------ Provided data
Lemma ip_cvgZD c u v a b :
  ip_cvg u a -> ip_cvg v b -> ip_cvg (fun n => c *: u n + v n) (c *: a + b).
Proof.
move=> ua vb e e_gt0; have k_gt0 : 0 < 2 * c ^+ 2 + 2 by have := sqr_ge0 c; lra.
pose d := e / (2 * c ^+ 2 + 2).
have d_gt0 : 0 < d by rewrite divr_gt0.
have de : d * (2 * c ^+ 2 + 2) = e by rewrite divfK ?gt_eqF.
have [[Na uNa] [Nb vNb]] := (ua _ d_gt0, vb _ d_gt0).
exists (maxn Na Nb) => n; rewrite geq_max => /andP[/uNa un /vNb vn].
have -> : c *: u n + v n - (c *: a + b) = c *: (u n - a) + (v n - b).
  by rewrite scalerBr opprD addrACA.
have := ipxx_D_le (c *: (u n - a)) (v n - b); rewrite ipZl ipZr mulrA -expr2.
have : c ^+ 2 * ip (u n - a) (u n - a) <= c ^+ 2 * d.
  by rewrite ler_wpM2l ?sqr_ge0 ?ltW.
nra.
Qed.

End InnerProduct.

Lemma ip_cvg_nonexpansive (R : realType) (V W : lmodType R)
    (ipV : V -> V -> R) (ipW : W -> W -> R) (f : V -> W) u v :
  (forall x y, ipW (f x - f y) (f x - f y) <= ipV (x - y) (x - y)) ->
  ip_cvg ipV u v -> ip_cvg ipW (f \o u) (f v).
Proof.
move=> f_nonexp uv e /uv[N uN]; exists N => n /uN.
exact/le_lt_trans/f_nonexp.
Qed.

Section LinearMaps.
Variable R : realType.

Lemma linear_mapB (V U : lmodType R) (f : V -> U) :
  is_linear_map f -> forall x y, f (x - y) = f x - f y.
Proof. by move=> f_lin x y; rewrite -scaleN1r addrC f_lin scaleN1r addrC. Qed.

Lemma linear_mapD (V U : lmodType R) (f : V -> U) :
  is_linear_map f -> forall x y, f (x + y) = f x + f y.
Proof. by move=> f_lin x y; have := f_lin 1 x y; rewrite !scale1r. Qed.

Lemma subspace_embedding_inj (V W : lmodType R) ipV ipW (iota : W -> V) :
  is_inner_product ipV -> is_inner_product ipW ->
  subspace_embedding ipV ipW iota -> injective iota.
Proof.
move=> HV HW [iota_lin iota_iso] u v e; apply/eqP; rewrite -subr_eq0; apply/eqP.
apply: (ipxx_le0 HW); rewrite -iota_iso linear_mapB // e subrr ip0l //.
Qed.

Lemma linear_inj_bijective (V : vectType R) (A : V -> V) :
  is_linear_map A -> injective A -> bijective A.
Proof.
move=> A_lin A_inj.
pose AL : {linear V -> V} := HB.pack A (GRing.isLinear.Build R V V *:%R A A_lin).
have ker0 : lker (linfun AL) == 0%VS.
  by apply/lker0P => x y; rewrite !lfunE; apply: A_inj.
exists ((linfun AL)^-1)%VF => x; last by have := lker0_lfunVK ker0 x; rewrite lfunE.
by apply: A_inj; have := lker0_lfunVK ker0 (A x); rewrite lfunE.
Qed.

Lemma linear_isometry_orthogonal (V : lmodType R) (ip : V -> V -> R) (A : V -> V) :
  is_inner_product ip -> is_linear_map A -> bijective A ->
  (forall x, ip (A x) (A x) = ip x x) -> Defs.is_orthogonal ip A.
Proof.
move=> Hip A_lin A_bij A_iso; split=> // x y.
have := A_iso (x + y); rewrite linear_mapD // !(ipxx_DD Hip) !A_iso.
lra.
Qed.

End LinearMaps.

Section NormalDecomposition.
Variables (R : realType) (V : lmodType R) (ip : V -> V -> R).
Variables (G : (V -> V) -> Prop) (gamma : V -> V).
Hypothesis nds : NDS ip G gamma.

Lemma NDS_idem x : gamma (gamma x) = gamma x.
Proof.
case: nds => _ gammaG decomp _; have [A [GA xE]] := decomp x.
by rewrite [in RHS]xE (gammaG _ _ GA).
Qed.

Lemma NDS_orbit x y : gamma x = gamma y -> exists2 A, G A & y = A x.
Proof.
case: nds => [[_ _ Gcomp Ginv _] _ decomp _] gxy.
have [[A [GA xE]] [B [GB yE]]] := (decomp x, decomp y).
have [Ainv [GAinv AK _]] := Ginv A GA.
by exists (B \o Ainv); [exact: Gcomp | rewrite /= {1}xE AK gxy -yE].
Qed.

End NormalDecomposition.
------------
§ Problem to solve:
Emit an exact copy of the lines spanning the start of the records to the line containing "have de : d", inclusive, and no other output.

§ Solution for this exercise:
Lemma ip_cvgZD c u v a b :
  ip_cvg u a -> ip_cvg v b -> ip_cvg (fun n => c *: u n + v n) (c *: a + b).
Proof.
move=> ua vb e e_gt0; have k_gt0 : 0 < 2 * c ^+ 2 + 2 by have := sqr_ge0 c; lra.
pose d := e / (2 * c ^+ 2 + 2).
have d_gt0 : 0 < d by rewrite divr_gt0.
have de : d * (2 * c ^+ 2 + 2) = e by rewrite divfK ?gt_eqF.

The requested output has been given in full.